Polygenic risk score (PRS) analysis
PRS based on SCA-risk factors GWAS data were investigated with respect to SCA status using the software PRSice-2 [25]. We used large publicly available GWAS summary statistics as baseline data describing the strength and significance of the association of each SNP with coronary artery disease (CAD) [26], myocardial infarction (MI) [26], low-density lipoprotein (LDL) cholesterol (LDL summary statistics are from the Neale Lab - http://www.nealelab.is/uk-biobank/), body mass index (BMI) [27] and type 2 diabetes (T2D) [28]. Clumping was performed in PRSice-2 to account for linkage disequilibrium (LD) between SNPs using genotype data from the UK10K reference panel [24]. Scores were then calculated as the sum of effect alleles for all SNPs weighted by their reported regression coefficients. The p-values provided in the GWAS summary were used to determine which SNPs to include in the PRS calculation. Various significance thresholds for SNP inclusion in the PRS were tested, and the threshold giving the best predictive value was used for follow-up analyses.
These multiple PRS were combined into one meta-score (metaPRS) using the formula described in [21] and reported below: where Zi1, Zi2, Zi3 are the (zero-mean and unit-variance standardised) PRS for the ith individual for the risk factors 1, 2 and 3 respectively, β1, β2, β3 are the univariate effects for each score, and ρi,j is the Pearson correlation between the ith and jth scores.
The association between the PRSs and SCA status was evaluated by fitting logistic regression models. To compare the proportion of SCA cases between each decile and the first decile, we used Fisher’s test. All the statistical analysis were performed using R version 3.6.0 software (The R Foundation).
Phenome-wide association analysis
To assess UKB patients’ disease status, ICD-10 codes were used (#41270).
Logistic regression models were used to evaluate association of metaPRS with ICD-10 diagnoses. P-values, odds ratios (ORs) and 95% confidence intervals (CI) were estimated using R version 3.6.0 software (The R Foundation).
Results
Given that ∼80% of SCA cases are due to CAD, it is very likely that the two diseases share genetics – this hypothesis is supported by the significant genetic correlation between the two traits (rg=0.46). Using PRSice-2 software, we generated a set of CAD-PRSs using summary statistics derived from a large GWAS performed on 60,801 CAD cases and 123,504 controls [26] at different significance thresholds. We observed the strongest association of CAD PRS and SCA when using 2,629 (PGWAS < 3.40 × 10−03) and 3,416 (PGWAS< 3.75 × 10−03) independent variants in BGC and UKB samples, respectively. In particular: in BGC samples we observed an OR of 1.16 [95% confidence interval (CI) 1.04–1.29] per SD increment in CAD-PRS (P = 0.014); in UKB samples we observed an OR of 1.09 [1.02–1.15] per SD increment in CAD-PRS (P = 0.015) (Table 3).
Similarly, in both cohorts we calculated a PRS for four SCA risk factors, i.e. myocardial infarction (MI), low-density lipoprotein (LDL) cholesterol, body mass index (BMI) and type 2 diabetes (T2D), using effect sizes from large GWAS metanalysis. While in BGC samples, only LDL-PRS shows a positive significant effect on SCA, in UKB samples we observed significant effect for PRS-MI and PRS-BMI (Table 3). Of note, the PRSs were correlated with each other to different degrees (Supplementary Table 1).

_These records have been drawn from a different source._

Lemma measurable_L1weight m n (g : R -> 'M[R]_(m, n)) : mxmeasurable H g ->
  measurable_fun H (fun xi => (1 + xi) * `|g xi|).
Proof.
move=> mg; apply: measurable_funM; first exact: measurable_funD.
exact: measurable_mx_norm (@measurable_halfline R) mg.
Qed.

Lemma L1weight_ge0 m n (g : R -> 'M[R]_(m, n)) xi : H xi -> 0 <= (1 + xi) * `|g xi|.
Proof. by move=> xi0; rewrite mulr_ge0 ?addr_ge0. Qed.

Lemma L1weight_ge m n (g : R -> 'M[R]_(m, n)) xi : H xi -> `|g xi| <= (1 + xi) * `|g xi|.
Proof. by move=> xi0; rewrite ler_peMl // lerDl. Qed.

Lemma inL1_phintegrable m n (g : R -> 'M[R]_(m, n)) : inL1 phi g -> phintegrable g.
Proof.
move=> [mg gfin]; apply: (phintegrable_le mg (measurable_L1weight mg)).
  exact: L1weight_ge.
by rewrite -L1normE.
Qed.

Lemma phintegrableB m n (g1 g2 : R -> 'M[R]_(m, n)) :
  phintegrable g1 -> phintegrable g2 -> phintegrable (fun xi => g1 xi - g2 xi).
Proof.
move=> i1 i2 i j; have mH := @measurable_halfline R.
apply: eq_integrable mH _ _ _ (integrableB mH (i1 i j) (i2 i j)).
by move=> x _ /=; rewrite !mxE mulrBr EFinB.
Qed.

Lemma phintegrable_mulmxr m n p (g : R -> 'M[R]_(m, n)) (C : 'M[R]_(n, p)) :
  phintegrable g -> phintegrable (fun xi => g xi *m C).
Proof.
move=> ig i j; have mH := @measurable_halfline R.
have il l := integrableZr mH (C l j) (ig i l).
have isum := integrable_sum mH (index_enum _) (P := xpredT) (fun l _ => il l).
apply: eq_integrable mH _ _ _ isum.
move=> x _ /=; rewrite mxE mulr_sumr sumEFin; congr (_%:E).
by apply: eq_bigr => l _; rewrite mulrA.
Qed.

Lemma phintegrable_tr m n (g : R -> 'M[R]_(m, n)) :
  phintegrable g -> phintegrable (fun xi => (g xi)^T).
Proof. by move=> ig i j; under eq_fun do rewrite mxE; exact: ig. Qed.

Lemma eq_phint m n (g1 g2 : R -> 'M[R]_(m, n)) :
  (forall xi, H xi -> g1 xi = g2 xi) -> phint phi g1 = phint phi g2.
Proof.
move=> g12; apply/matrixP => i j; rewrite !mxE.
by apply: eq_Rintegral => xi; rewrite inE => /g12 ->.
Qed.

Lemma phintB m n (g1 g2 : R -> 'M[R]_(m, n)) : phintegrable g1 -> phintegrable g2 ->
  phint phi (fun xi => g1 xi - g2 xi) = phint phi g1 - phint phi g2.
Proof.
move=> i1 i2; apply/matrixP => i j; rewrite !mxE -RintegralB //.
  by apply: eq_Rintegral => xi _; rewrite !mxE mulrBr.
exact: measurable_halfline.
Qed.

Lemma phint_mulmxr m n p (g : R -> 'M[R]_(m, n)) (C : 'M[R]_(n, p)) :
  phintegrable g -> phint phi (fun xi => g xi *m C) = phint phi g *m C.
Proof.
move=> ig; have mH := @measurable_halfline R; apply/matrixP => i j; rewrite !mxE.
under eq_bigr do rewrite mxE -RintegralZr //.
rewrite -Rintegral_sum; first by apply: eq_Rintegral => xi _; rewrite mxE mulr_sumr;
  apply: eq_bigr => l _; rewrite mulrA.
move=> l; apply: eq_integrable mH _ _ _ (integrableZr mH _ (ig i l)).
by move=> x _ /=; rewrite EFinM.
Qed.

Lemma phint_tr m n (g : R -> 'M[R]_(m, n)) :
  phint phi (fun xi => (g xi)^T) = (phint phi g)^T.
Proof.
by apply/matrixP => i j; rewrite !mxE; apply: eq_Rintegral => xi _; rewrite mxE.
Qed.

Lemma norm_phint_le m n (g : R -> 'M[R]_(m, n)) (v : R -> R) :
  mxmeasurable H g -> measurable_fun H v -> (forall xi, H xi -> `|g xi| <= v xi) ->
  ((`|phint phi g|)%:E <= weighted_integral phi v)%E.
Proof.
move=> mg mv gv; have v0 xi : H xi -> 0 <= v xi by move/gv; exact: le_trans.
have [vfin|] := ltP (weighted_integral phi v) +oo%E; last first.
  by rewrite leye_eq => /eqP ->; exact: leey.
have vfin' : weighted_integral phi v \is a fin_num.
  by rewrite ge0_fin_numE ?weighted_integral_ge0.
rewrite -(fineK vfin') lee_fin; apply: mx_norm_le_entries => [|i j].
  by rewrite fine_ge0 ?weighted_integral_ge0.
rewrite -lee_fin fineK // mxE; apply: norm_Rintegral_le_weighted => // xi Hxi.
by apply: le_trans (gv xi Hxi); exact: mx_norm_entry_le.
Qed.

Lemma norm_phint_le_L1norm m n (g : R -> 'M[R]_(m, n)) :
  mxmeasurable H g -> ((`|phint phi g|)%:E <= L1norm phi g)%E.
Proof.
move=> mg; rewrite L1normE; apply: norm_phint_le => //.
  exact: measurable_L1weight.
exact: L1weight_ge.
Qed.
Lemma integral_running_max_le : X T \in Lfun P 2%:E ->
  (\int[P]_w running_max T X w <= (c + Num.sqrt (mean P (X T ^+ 2) - c ^+ 2))%:E)%E.
Proof.
move=> XT2; set V := mean P (X T ^+ 2) - c ^+ 2.
set G := fun w => limn (fun n => (excess n w)%:E).
have G_ge0 w : (0 <= G w)%E.
  apply: lime_ge; first exact: ereal_nondecreasing_is_cvgn.
  by apply: nearW => n; rewrite lee_fin excess_ge0.
have mG : measurable_fun setT G.
  apply: (emeasurable_fun_cvg (fun n w => (excess n w)%:E)) => [n|w _].
    exact/measurable_EFinP/measurable_excess.
  exact: ereal_nondecreasing_is_cvgn.
have integral_G : (\int[P]_w G w <= (Num.sqrt V)%:E)%E.
  rewrite /G monotone_convergence //; first last.
  - by move=> n w _; rewrite lee_fin excess_ge0.
  - by move=> n; exact/measurable_EFinP/measurable_excess.
  have integral_excess n : (\int[P]_w (excess n w)%:E)%E = (mean P (excess n))%:E.
    by rewrite -meanE ?Lfun1_excess // unlock.
  apply: lime_le.
    apply: ereal_nondecreasing_is_cvgn => n m nm.
    rewrite !integral_excess lee_fin; apply: ler_mean; rewrite ?Lfun1_excess //.
    by move=> w; exact: excess_nd.
  by apply: nearW => n; rewrite integral_excess lee_fin mean_excess_le.
have integrable_G : P.-integrable setT G.
  apply/integrableP; split => //; apply: le_lt_trans (ltry (Num.sqrt V)).
  by under eq_integral do rewrite gee0_abs //.
rewrite (eq_integral (fun w => c%:E + G w)%E); last first.
  by move=> w _; rewrite running_max_excess.
rewrite integralD //; last exact: finite_measure_integrable_cst.
have -> : (\int[P]_w c%:E)%E = c%:E by rewrite -[RHS](expectation_cst P c) unlock.
by rewrite EFinD leeD2l.
Qed.

End grid_maximum.
End martingale.

Theorem mainTheorem6 (d : measure_display) (Omega : measurableType d)
  (R : realType) (P : probability Omega R) (T : R) (F : R -> set (set Omega))
  (X : R -> Omega -> R) :
  0 < T ->
  is_filtration T F ->
  is_martingale T P F X ->
  continuous_paths T X ->
  (exists c : R, forall w, X 0 w = c) ->
  (\int[P]_w running_max T X w <=
     (Num.sqrt 2)%:E * poweR (\int[P]_w ((X T w) ^+ 2)%:E) 2^-1)%E.
Proof.
move=> T_gt0 HF HM paths [c X0].
have T0T : 0 <= T <= T by rewrite lexx ltW.
have [XT2_fin|] := boolP (\int[P]_w ((X T w) ^+ 2)%:E < +oo)%E; last first.
  rewrite ltey negbK => /eqP ->.
  by rewrite poweRyr ?invr_neq0 // muleC gt0_mulye ?leey // lte_fin sqrtr_gt0.
have XT2 : X T \in Lfun P 2%:E.
  exact: integral_sqr_lty_Lfun2 (measurable_X HM T0T) XT2_fin.
have c2_le : c ^+ 2 <= mean P (X T ^+ 2).
  by rewrite -(mean_X T_gt0 HF HM X0 T0T); exact: sqr_mean_le.
rewrite integral_sqr_mean // poweR_EFin powR12_sqrt ?(le_trans (sqr_ge0 c)) //.
rewrite -EFinM.
apply: le_trans (integral_running_max_le T_gt0 HF HM X0 paths XT2) _.
by rewrite lee_fin add_sqrt_le_sqrt2.
Qed.
Lemma sum_gvert (F : nat -> nat -> nat) :
  \sum_(x : gvert ns) F (row x) (pos x) =
  \sum_(i < k) \sum_(1 <= a < (nu i).+1) F i a.
Proof.
transitivity (\sum_(p | gvert_pred ns p) F p.1 p.2).
  rewrite [RHS](reindex_omap (val : gvert ns -> _) insub) => [|p p_pred]; last first.
    by rewrite insubT.
  by apply: eq_bigl => x; rewrite valP valK eqxx.
transitivity (\sum_(i < k) \sum_(a < (sumn ns).+1 | 1 <= a <= nu i) F i a).
  by rewrite pair_big_dep.
apply: eq_bigr => i _.
by rewrite big_geq_mkord (big_ord_widen_cond (sumn ns).+1) ?ltnS ?nth_leq_sumn.
Qed.

Lemma card_gadj_dir :
  #|[set p : gvert ns * gvert ns | gadj_dir p.1 p.2]| =
  \sum_(i < k) \sum_(1 <= a < (nu i).+1) \sum_(j < k) \sum_(1 <= b < (nu j).+1)
    gdir i a j b.
Proof.
transitivity (\sum_(x : gvert ns) \sum_(y : gvert ns) (gadj_dir x y : nat)).
  by rewrite pair_bigA -sum1dep_card big_mkcond.
rewrite -(sum_gvert (fun i a => \sum_(j < k) \sum_(1 <= b < (nu j).+1) gdir i a j b)).
by apply: eq_bigr => x _; exact: (sum_gvert (gdir (row x) (pos x))).
Qed.

Lemma gdir_shape i a j b : gdir i a j b -> (i < j) || (i == j) && (b == a.+1).
Proof. by case/orP=> [->|/andP[-> _]]; rewrite ?orbT. Qed.

Lemma gadj_dir_asym (x y : gvert ns) : gadj_dir x y -> ~~ gadj_dir y x.
Proof.
rewrite !gadj_dirE => /gdir_shape shape_xy; apply/negP => /gdir_shape; lia.
Qed.

Lemma card_edges_gadj : all (fun m => 0 < m) ns -> sorted leq ns ->
  #|edges (gadj ns)| + 'C(k.+1, 2) = k * sumn ns.
Proof.
move=> pos_ns sorted_ns.
have nu_pos i : i < k -> 0 < nu i by move=> lt_ik; apply: (all_nthP 0 pos_ns).
have nu_mono i j : i < j < k -> nu i <= nu j.
  case/andP=> lt_ij lt_jk; apply: (sorted_ltn_nth leq_trans) => //.
  by rewrite inE (ltn_trans lt_ij).
rewrite card_edges_orientation ?card_gadj_dir; last exact: gadj_dir_asym.
rewrite (eq_bigr (fun i : 'I_k => \sum_(j < k) \sum_(1 <= a < (nu i).+1)
    \sum_(1 <= b < (nu j).+1) gdir i a j b)) => [|i _]; last exact: exchange_big.
rewrite sumnE (big_nth 0) big_mkord.
apply: (sum_upper_triangular
  (c := fun i j => \sum_(1 <= a < (nu i).+1) \sum_(1 <= b < (nu j).+1) gdir i a j b))
  => [i lt_ik | i j lt_ijk | i j lt_ji].
- by rewrite sum_gdir_self ?addn1 ?prednK ?nu_pos.
- have [lt_ij lt_jk] := andP lt_ijk.
  have pos_i : 0 < nu i by rewrite nu_pos ?(ltn_trans lt_ij).
  by rewrite sum_gdir_lt ?pos_i ?nu_mono //; lia.
- by rewrite big1 // => a _; rewrite big1 // => b _; rewrite gdir_gt.
Qed.

Lemma gvert_inj (x y : gvert ns) : row x = row y -> pos x = pos y -> x = y.
Proof.
rewrite /row /pos => eq_row eq_pos; apply: val_inj.
by case: (val x) (val y) eq_row eq_pos => [i a] [j b] /= /val_inj-> /val_inj->.
Qed.

Lemma gvert_bounds (x : gvert ns) :
  [/\ row x < k, 1 <= pos x, pos x <= nu (row x) & nu (row x) <= sumn ns].
Proof. by have /andP[? ?] := valP x; split; rewrite ?ltn_ord ?nth_leq_sumn. Qed.

Definition gsucc (v : gvert ns) : gvert ns := insubd v ((val v).1, inord (pos v).+1).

We then used a meta-analytic strategy to generate a metaPRS by integrating the five individual PRSs (see Methods). As expected, in both cohorts, the metaPRS had the greatest association with SCA than any other individual PRS with the OR of 1.28 [1.16–1.40] per SD increment in BGC samples (P = 8.39 × 10−05) and the OR of 1.14 [1.08–1.21] per SD increment in UKB samples (P = 7.07 × 10−05). We next stratified the populations according to PRS decile and also observed a more marked gradient of SCA risk across deciles of metaPRS than CAD-PRS (Figure 1). In BGC samples, the metaPRS has a higher OR of 4.07 [2.15-8.10] (P = 1.71 × 10−06) in the top decile vs. the bottom decile than the CAD-PRS (OR: 1.69 [0.93-3.11], P = 0.069) (Supplementary Table 2). We observed the same trend in UKB: the metaPRS has a higher OR of 1.64 [1.19-2.28] (P = 1.82 × 10−03) in the top decile vs. the bottom decile than the CAD-PRS (OR: 1.47 [1.07-2.04], P = 0.015) (Supplementary Table 3).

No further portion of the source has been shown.